After failing to meet the necessary efficacy markers during Phase IIb/III trials, a candidate has been dropped from consideration. This decision was announced in Monday’s press release.
An analysis conducted by an independent monitor revealed that Validive failed to reach the pre-determined 15% threshold in SOM prevention when compared to the placebo. Fortunately, no safety concerns were identified in the results.
At this time, there is no FDA-approved solution to prevent or treat this condition – a concerning reality that underscores the need for further research and innovation.
SOM (Stomatitis Mucositis) can be a devastating side effect for those undergoing radiation therapy, chemotherapy, chemoradiotherapy or hematopoeitic stem cell transplantation for cancer treatment.
This condition causes inflammation, swelling and painful ulcerations of the oral mucosa, and can severely impact a patient’s quality of life. SOM can be difficult to manage, but with the help of a specialized healthcare team, patients can learn to better manage and cope with the symptoms.
We are disappointed with the outcome of this study, but we remain undeterred in our commitment to advancing our Phase 1b camsirubicin clinical trial and our MNPR-101 radiopharmaceutical program partnered with NorthStar Medical Radioisotopes.
To that end, we have re-allocated the financial and human resources originally earmarked for Validive to support these initiatives. At Monopar, we are committed to our mission of providing innovative treatments and therapies to improve patient outcomes.
Monopar is well on its way to success, boasting enough funds to support planned activities until the first quarter of 2024. With such financial stability and a clear plan for the future, this company is sure to continue on its upward trajectory.
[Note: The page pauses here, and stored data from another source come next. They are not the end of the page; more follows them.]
(* Let $\mathcal{H}$ be finite-dimensional, $\mathscr{A}\subseteq\mathfrak{B}(\mathcal{H})$ a $*$-subalgebra, $\mathcal{L}:\mathscr{A}\to\mathscr{A}$ a Lindblad generator, $\mathfrak{S}\subseteq\mathfrak{D}(\mathcal{H})\cap\mathscr{A}$ a set of initial states, and $\mathscr{R}=\mathrm{span}\{e^{\mathcal{L}t}(\rho_0):t\ge0,\rho_0\in\mathfrak{S}\}$ the reachable subspace. Let $\mathscr{V}$ be an operator subspace with $\mathscr{R}\subseteq\mathscr{V}$, let $\Pi_{\mathscr{V}}$ be a (not necessarily orthogonal) projection superoperator onto $\mathscr{V}$, and let $\mathcal{R},\mathcal{J}$ be full-rank factors of $\Pi_\mathscr{V}$, i.e. $\mathcal{R}$ maps onto a space $\mathcal{X}$ with $\dim\mathcal{X}=\dim\mathscr{V}$, $\mathcal{J}:\mathcal{X}\to\mathscr{V}$, $\mathcal{J}\mathcal{R}=\Pi_\mathscr{V}$ and $\mathcal{R}\mathcal{J}=\mathcal{I}$ (identity on $\mathcal{X}$). Define $\mathcal{F}_L\equiv\mathcal{R}\mathcal{L}\mathcal{J}$. Then $$e^{\mathcal{L}t}(\rho_0)=\mathcal{J}e^{\mathcal{F}_Lt}\mathcal{R}(\rho_0)\qquad\forall t\ge0,\ \forall\rho_0\in\mathfrak{S}.$$ Moreover, $\mathscr{V}=\mathscr{R}$ is an operator subspace of minimal dimension for which this identity holds.
   Context: A Lindblad generator has the form $\mathcal{L}(\rho)=-i[H,\rho]+\sum_u\big(L_u\rho L_u^\dagger-\tfrac12\{L_u^\dagger L_u,\rho\}\big)$ with $H=H^\dagger$. $\mathfrak{D}(\mathcal{H})$ is the set of density operators on $\mathcal{H}$. A projection superoperator is an idempotent linear map on the operator space with image $\mathscr{V}$. *)

From HB Require Import structures.
From mathcomp Require Import all_boot all_order all_algebra.
From mathcomp Require Import complex.
From mathcomp Require Import all_classical all_reals all_analysis.
Set Implicit Arguments. Unset Strict Implicit. Unset Printing Implicit Defensive.
Import Order.TTheory GRing.Theory Num.Theory.
Import numFieldNormedType.Exports.
Local Open Scope ring_scope.
Local Open Scope complex_scope.
Local Open Scope classical_set_scope.

Section Defs.
Variable R : realType.
Local Notation C := (R[i]).

Definition adjmx (m n : nat) (A : 'M[C]_(m, n)) : 'M[C]_(n, m) :=
  (map_mx Num.conj A)^T.

Definition herm_mx (n : nat) (A : 'M[C]_n) : Prop := adjmx A = A.

Definition psd_mx (n : nat) (A : 'M[C]_n) : Prop :=
  forall v : 'cV[C]_n, 0 <= (adjmx v *m A *m v) 0 0.

Definition density (n : nat) (rho : 'M[C]_n) : Prop :=
  [/\ herm_mx rho, psd_mx rho & \tr rho = 1].

Definition star_subalgebra (n : nat) (A : {vspace 'M[C]_n}) : Prop :=
  (forall x y, x \in A -> y \in A -> x * y \in A) /\
  (forall x, x \in A -> adjmx x \in A).

Definition lindblad (n : nat) (Hm : 'M[C]_n) (Ls : seq 'M[C]_n)
    (rho : 'M[C]_n) : 'M[C]_n :=
  - 'i *: (Hm * rho - rho * Hm) +
  \sum_(Lu <- Ls) (Lu * rho * adjmx Lu
                   - (1 / 2%:R) *: (adjmx Lu * Lu * rho + rho * (adjmx Lu * Lu))).

Definition sexp (m n : nat) (f : 'M[C]_(m, n) -> 'M[C]_(m, n)) (t : R)
    (x : 'M[C]_(m, n)) : 'M[C]_(m, n) :=
  lim ((fun N : nat => \sum_(k < N) ((t ^+ k / (k`!)%:R)%:C *: iter k f x)) @ \oo).

Definition reach_span (n : nat) (L : 'M[C]_n -> 'M[C]_n) (S : set 'M[C]_n)
    (x : 'M[C]_n) : Prop :=
  exists (k : nat) (c : 'I_k -> C) (ts : 'I_k -> R) (rs : 'I_k -> 'M[C]_n),
    (forall i, 0 <= ts i /\ S (rs i)) /\
    x = \sum_(i < k) c i *: sexp L (ts i) (rs i).

Definition proj_factors (n : nat) (V : {vspace 'M[C]_n})
    (P : {linear 'M[C]_n -> 'M[C]_n})
    (Rf : {linear 'M[C]_n -> 'rV[C]_(\dim V)})
    (Jf : {linear 'rV[C]_(\dim V) -> 'M[C]_n}) : Prop :=
  [/\ (forall x, P (P x) = P x),
      (forall x, P x \in V),
      (forall v, v \in V -> exists x, P x = v) &
      [/\ (forall y, Jf y \in V),
      (forall x, Jf (Rf x) = P x) &
      (forall y, Rf (Jf y) = y)]].

Definition reduction_exact (n : nat) (L : 'M[C]_n -> 'M[C]_n) (S : set 'M[C]_n)
    (V : {vspace 'M[C]_n})
    (Rf : {linear 'M[C]_n -> 'rV[C]_(\dim V)})
    (Jf : {linear 'rV[C]_(\dim V) -> 'M[C]_n}) : Prop :=
  forall (t : R) (rho0 : 'M[C]_n), 0 <= t -> S rho0 ->
    sexp L t rho0 = Jf (sexp (fun y => Rf (L (Jf y))) t (Rf rho0)).

End Defs.

(* If e^{Lt} x stays in a subspace U for all t > 0, then so do the Krylov
   vectors L^k x: with Phi = 1 - projv U, the series sum_k t^k/k! Phi (L^k x)
   vanishes for every t > 0 and has geometrically bounded coefficients, which
   must therefore all vanish.  Since J R is the identity on V, which contains
   the reachable space, R L^k rho0 = F_L^k R rho0, so e^{F_L t} R rho0 =
   R e^{Lt} rho0 by continuity of R, and applying J gives the identity.
   Conversely, an exact reduction through W puts every e^{Lt} rho0 in the range
   of J, inside W, so the reachable space is contained in W; coordinates in a
   basis of the reachable space give factors of exactly that dimension.
   The exponential series converge because complex matrices form a complete
   space (through the real and imaginary parts of the entries) on which linear
   maps are bounded. *)

From HB Require Import structures.
From mathcomp Require Import all_boot all_order all_algebra.
From mathcomp Require Import complex.
From mathcomp Require Import all_classical all_reals all_analysis.
From mathcomp Require Import ring.
Set Implicit Arguments. Unset Strict Implicit. Unset Printing Implicit Defensive.
Import Order.TTheory GRing.Theory Num.Theory.
Import numFieldNormedType.Exports.
Local Open Scope ring_scope.
Local Open Scope complex_scope.
Local Open Scope classical_set_scope.

Lemma le0_of_le_mul_small (R : realFieldType) (x K : R) :
  (forall t, 0 < t <= 1 -> x <= t * K) -> x <= 0.
Proof.
move=> xK; have [K0|K0] := leP K 0.
  by have := xK 1; rewrite ltr01 lexx mul1r => /(_ isT) /le_trans; apply.
apply/ler_addgt0Pr => e e0; rewrite add0r.
pose t := Num.min 1 (e / K).
have t0 : 0 < t by rewrite lt_min ltr01 divr_gt0.
apply: le_trans (xK t _) _; first by rewrite t0 ge_min lexx.
by rewrite -ler_pdivlMr // ge_min lexx orbT.
Qed.

Section ComplexMatrices.
Variable R : realType.
Local Notation C := R[i].
Local Notation Re := (@complex.Re R).
Local Notation Im := (@complex.Im R).
Local Notation mx p q := ('M[C]_(p, q) : normedModType C).

Lemma normc_ge_Im (z : C) : `|Im z|%:C <= `|z|.
Proof.
rewrite normc_def lecR -sqrtr_sqr; apply: ler_wsqrtr.
by rewrite lerDr sqr_ge0.
Qed.

Lemma normc_le_ReIm (z : C) : `|z| <= (`|Re z| + `|Im z|)%:C.
Proof.
rewrite normc_def lecR -[leRHS]ger0_norm ?addr_ge0 // -sqrtr_sqr.
apply: ler_wsqrtr.
rewrite sqrrD !real_normK ?num_real // addrAC lerDl.
by rewrite mulrn_wge0 // mulr_ge0.
Qed.

Lemma mx_norm_entry_le p q (M : mx p q) i j : `|M i j| <= `|M|.
Proof.
rewrite [leRHS]/Num.norm /= mx_normE -[leLHS]nngE num_le.
by apply: (le_bigmax _ _ (i, j)).
Qed.

Lemma mx_norm_lt p q (M : mx p q) (e : C) :
  0 < e -> (forall i j, `|M i j| < e) -> `|M| < e.
Proof.
move=> e0 Me; have := congr1 (fun b => b 0 e M) (@mx_norm_ball C p q).
rewrite /ball_ /= sub0r normrN => <-.
by split => // i j; rewrite /ball /= mxE sub0r normrN.
Qed.

Lemma cvg_mx_ReIm p q (F : set_system (mx p q)) (a b : 'I_p -> 'I_q -> R) :
  Filter F ->
  (forall i j, (fun M : mx p q => Re (M i j)) @ F --> a i j) ->
  (forall i j, (fun M : mx p q => Im (M i j)) @ F --> b i j) ->
  F --> (\matrix_(i, j) (a i j +i* b i j) : mx p q).
Proof.
move=> FF Fa Fb; apply/cvgrPdist_lt => e e0.
have e_real : (Re e)%:C = e by rewrite RRe_real ?gtr0_real.
have e2 : 0 < Re e / 2 by rewrite divr_gt0 // -ltcR e_real.
have near_entries : F [set M : mx p q | forall ij : 'I_p * 'I_q,
    `|a ij.1 ij.2 - Re (M ij.1 ij.2)| < Re e / 2 /\
    `|b ij.1 ij.2 - Im (M ij.1 ij.2)| < Re e / 2].
  apply: filter_forall => -[i j] /=.
  by near=> M; split; near: M; apply: cvgr_dist_lt.
apply: filterS near_entries => M M_entries; apply: mx_norm_lt => // i j.
have [+ +] := M_entries (i, j); rewrite !mxE; case: (M i j) => x y /= Re_lt Im_lt.
apply: le_lt_trans (normc_le_ReIm _) _.
by rewrite -e_real ltcR (splitr (Re e)) /= ltrD.
Unshelve. all: by end_near. Qed.
Lemma corner_filling_valid : valid_filling T.
Proof.
apply/andP; split; first by apply/forallP => p; rewrite ffunE; case: inD.
apply/forallP => -[r j]; apply/forallP => -[r' j']; rewrite !ffunE /=.
case rj_in: (inD alpha r j) => //; case r'j'_in: (inD alpha r' j') => //.
rewrite !inordK ?ltnS ?code_le3 // xpair_eqE negb_and.
apply/and4P; split; apply/implyP.
- case/andP => /eqP eq_r lt_j; rewrite eq_r in rj_in *.
  exact: code_row_mono rj_in r'j'_in lt_j.
- case/andP => /eqP eq_j lt_r; rewrite eq_j in rj_in *.
  exact: (code_col_mono alpha_comp _ _ _ i_corner rj_in r'j'_in lt_r).
- case/and3P => /eqP eq_j; rewrite eq_j eqxx orbF in rj_in * => ne_r.
  exact: (code_col_unmarked alpha_comp i_corner rj_in r'j'_in ne_r).
- case/and3P => /eqP eq_r; rewrite eq_r eqxx /= in rj_in * => ne_j.
  exact: code_row_marked rj_in r'j'_in ne_j.
Qed.

Definition corner_cell := mkcell alpha i (rcol alpha i).

Lemma corner_cell_in : inD alpha i (rcol alpha i).
Proof. by apply: inD_right => //; case/and3P: i_corner. Qed.

Lemma corner_cell_grid : i < gsz alpha /\ rcol alpha i < gsz alpha.
Proof. exact: (inD_grid alpha_comp corner_cell_in). Qed.

Lemma corner_cellE (p : cell alpha) :
  ((p.1 : nat) == i) && ((p.2 : nat) == rcol alpha i) = (p == corner_cell).
Proof.
have [g1 g2] := corner_cell_grid.
apply/idP/eqP => [/andP[/eqP p1 /eqP p2]|->]; last by rewrite /= !inordK // !eqxx.
by apply: cell_eq; rewrite /= !inordK.
Qed.

Lemma corner_filling_content :
  [forall k : 'I_2, content_at T k == nth 0 [:: (sumn alpha).-1; 1] k].
Proof.
have [g1 g2] := corner_cell_grid.
have cell_in : corner_cell \in [pred p : cell alpha | inD alpha p.1 p.2].
  by rewrite unfold_in /= !inordK ?corner_cell_in.
apply/forallP => -[[|[|k]] lt_k] //=; apply/eqP; rewrite /content_at.
- have := cardD1 corner_cell [pred p : cell alpha | inD alpha p.1 p.2].
  rewrite cell_in card_boxes // => ->; rewrite add1n /=.
  apply: eq_card => p; rewrite !unfold_in /= ffunE.
  case p_in: (inD alpha p.1 p.2); last by rewrite andbF.
  rewrite andbT inordK ?ltnS ?code_le3 // -corner_cellE -(@code_ge2 alpha i s x y).
  by case: (v p.1 p.2) => [|[|?]].
- apply: (@eq_card1 _ corner_cell) => p; rewrite unfold_in /= ffunE inE.
  case p_in: (inD alpha p.1 p.2); last first.
    by apply/esym/negbTE; apply: contraFN p_in => /eqP ->; rewrite /= !inordK ?corner_cell_in.
  rewrite inordK ?ltnS ?code_le3 // -corner_cellE -(@code_ge2 alpha i s x y).
  by have := code_le3 alpha i s x y p.1 p.2; case: (v p.1 p.2) => [|[|[|[|?]]]].
Qed.

End CornerFilling.

Lemma corner_filling_code alpha (alpha_comp : is_composition alpha) i s x y i' s' x' y' r j :
  inD alpha r j -> corner_filling alpha i s x y = corner_filling alpha i' s' x' y' ->
  corner_code alpha i s x y r j = corner_code alpha i' s' x' y' r j.
Proof.
move=> rj_in eqT; have [g1 g2] := inD_grid alpha_comp rj_in.
have := congr1 (fun T : filling alpha 2 => T (mkcell alpha r j)) eqT.
by rewrite !ffunE /= !inordK // rj_in => -[] /(congr1 val) /=; rewrite !inordK // ltnS code_le3.
Qed.

Section LowerBound.
Variable alpha : seq nat.
Hypothesis alpha_comp : is_composition alpha.
Hypothesis alpha_nonempty : 0 < size alpha.
Local Notation l := (size alpha).

(* Parameters (i, s, x, y) of the fillings counted in the lower bound: the
   choice y of the bottom-left letter only matters when i is not the last
   row, so y is fixed to false for the other corner rows. *)
Definition corner_params := ((('I_(gsz alpha) * bool) * bool) * bool)%type.

Definition params_filling (t : corner_params) :=
  corner_filling alpha t.1.1.1 t.1.1.2 t.1.2 t.2.

Definition free_params : {set corner_params} :=
  setX (setX (setX (corner_rows alpha) [set: bool]) [set: bool]) [set false] :|:
  setX (setX (setX (inner_corner_rows alpha) [set: bool]) [set: bool]) [set true].

Lemma card_free_params :
  #|free_params| = 4 * #|corner_rows alpha| + 4 * #|inner_corner_rows alpha|.
Proof.
rewrite cardsU; set S1 := setX _ _; set S2 := setX _ _.
have -> : S1 :&: S2 = set0 by apply/setP => t; rewrite !inE; case: t.2; rewrite ?andbF.
by rewrite cards0 subn0 !cardsX !cardsT card_bool !cards1; lia.
Qed.

Lemma free_paramsP (t : corner_params) : t \in free_params ->
  corner_row alpha t.1.1.1 /\ (t.2 -> (t.1.1.1 : nat).+1 < l).
Proof.
rewrite !inE !andbT; case: t.2; rewrite ?orbF ?andbF ?orbF /=.
  by case/andP => /andP[-> ->].
by case/andP => ->.
Qed.

(* Distinct parameters give distinct fillings: i and s are read at the
   letter 2, x at the left end of row i-1 and y at the bottom-left box. *)
Lemma params_filling_inj : {in free_params &, injective params_filling}.
Proof.
move=> [[[i s] x] y] [[[i' s'] x'] y'] /free_paramsP /= [i_corner y_inner]
  /free_paramsP /= [i'_corner y'_inner] eqT.
have read := fun r j (rj_in : inD alpha r j) => corner_filling_code alpha_comp rj_in eqT.
have code_i := read _ _ (corner_cell_in alpha_comp i_corner).
have : 2 <= corner_code alpha i' s' x' y' i (rcol alpha i) by rewrite -code_i code_ge2 !eqxx.
rewrite code_ge2 => /andP[/eqP eq_i _]; have eq_ii' : i = i' by apply: val_inj.
subst i'; move: code_i; rewrite /corner_code !eqxx /= => -[eq_s].
have {eq_s} eq_ss' : s = s' by move: eq_s; case: (s); case: (s').
subst s'; have [i_pos lt_i _] := and3P i_corner.
have above_in : inD alpha (i : nat).-1 (lcol alpha (i : nat).-1) by apply: inD_left; lia.
have eq_xx' : x = x'.
  have ne_i : ((i : nat).-1 == i) = false by lia.
  move: (read _ _ above_in); rewrite /corner_code /= ltnn (prednK i_pos) eqxx ne_i.
  by case: (x); case: (x').
subst x'; suff -> : y = y' by [].
have [y_or | /norP[/negbTE-> /negbTE->]] := boolP (y || y') => //.
have lt_iS : (i : nat).+1 < l by case/orP: y_or => [/y_inner|/y'_inner].
have bottom_in : inD alpha l.-1 (lcol alpha l.-1) by apply: inD_left; lia.
have [ne_i ne_iS] : (l.-1 == i) = false /\ (l == i) = false by split; lia.
move: (read _ _ bottom_in); rewrite /corner_code /= ltnn (prednK alpha_nonempty) eqxx ne_i ne_iS.
by case: (y); case: (y').
Qed.

Lemma two_letter_coef_ge :
  4 * #|corner_rows alpha| + 4 * #|inner_corner_rows alpha|
    <= rD_coef alpha [:: (sumn alpha).-1; 1].
Proof.
rewrite -card_free_params -(card_in_imset params_filling_inj).
apply: subset_leq_card; apply/subsetP => T /imsetP[t t_free ->].
have [t_corner _] := free_paramsP t_free.
rewrite unfold_in /= /params_filling corner_filling_valid //.
exact: corner_filling_content.
Qed.

End LowerBound.

Unset Implicit Arguments.

Theorem mainTheorem15 (alpha : seq nat) :
  is_composition alpha ->
  nth 0 alpha 0 = 1 ->
  ((1 / 2 + (sumn alpha)%:R / 4 : rat) < (corners alpha)%:R)%R ->
  ~ p_positive (rD_coef alpha).
Proof.
move=> alpha_comp alpha1 many_corners rD_ppos.
have l_pos : 0 < size alpha by move: alpha1; case: (alpha).
have n_pos : 0 < sumn alpha by have := size_le_sumn alpha_comp; lia.
have A_le2 := one_letter_coef_le2 alpha_comp (sumn alpha) l_pos.
have B_ge := two_letter_coef_ge alpha_comp l_pos.
have B_le := p_positive_two_var_le n_pos rD_ppos.
have c_le := corners_le alpha_comp.
have R_le := corner_rows_le alpha_comp l_pos.
have : 4 * corners alpha <= sumn alpha + 2.
  by have := leq_mul (leqnn (sumn alpha)) A_le2; lia.
rewrite -(ler_nat rat) natrD natrM; lra.
Qed.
Monopar is committed to advancing the field of precision medicine through its drug development pipeline, which includes Validive, a drug candidate targeting multiple myeloma, as well as other cancer treatments for soft tissue sarcoma and solid tumors.
By targeting specific molecular pathways that drive cancer growth and progression, Monopar seeks to provide more effective, personalized treatments for individuals battling this devastating disease.
As the Validive trial comes to a close, Monopar is already looking ahead to the future, with an array of promising candidates in development. From innovative treatments to cutting-edge therapies, Monopar is forging ahead to bring new and effective treatments to those in need.
Shares of Monopar Pharmaceuticals Inc. dropped drastically Tuesday morning in pre-market trading after news of their clinical trials for three potential cancer treatments failed to meet expectations.
The company had been developing MNPR-101 RIT, a late-stage preclinical antibody for radiopharmaceutical use in advanced cancers, MNPR-101ZR, a late-stage preclinical imaging agent for radioimmunotherapy, and MNPR-202, an early-stage camsirubicin analog, for various cancers.
Unfortunately, Phase Ib trials of Camsirubicin for the treatment of advanced soft tissue sarcoma were not successful, leading to the sharp drop in stock price.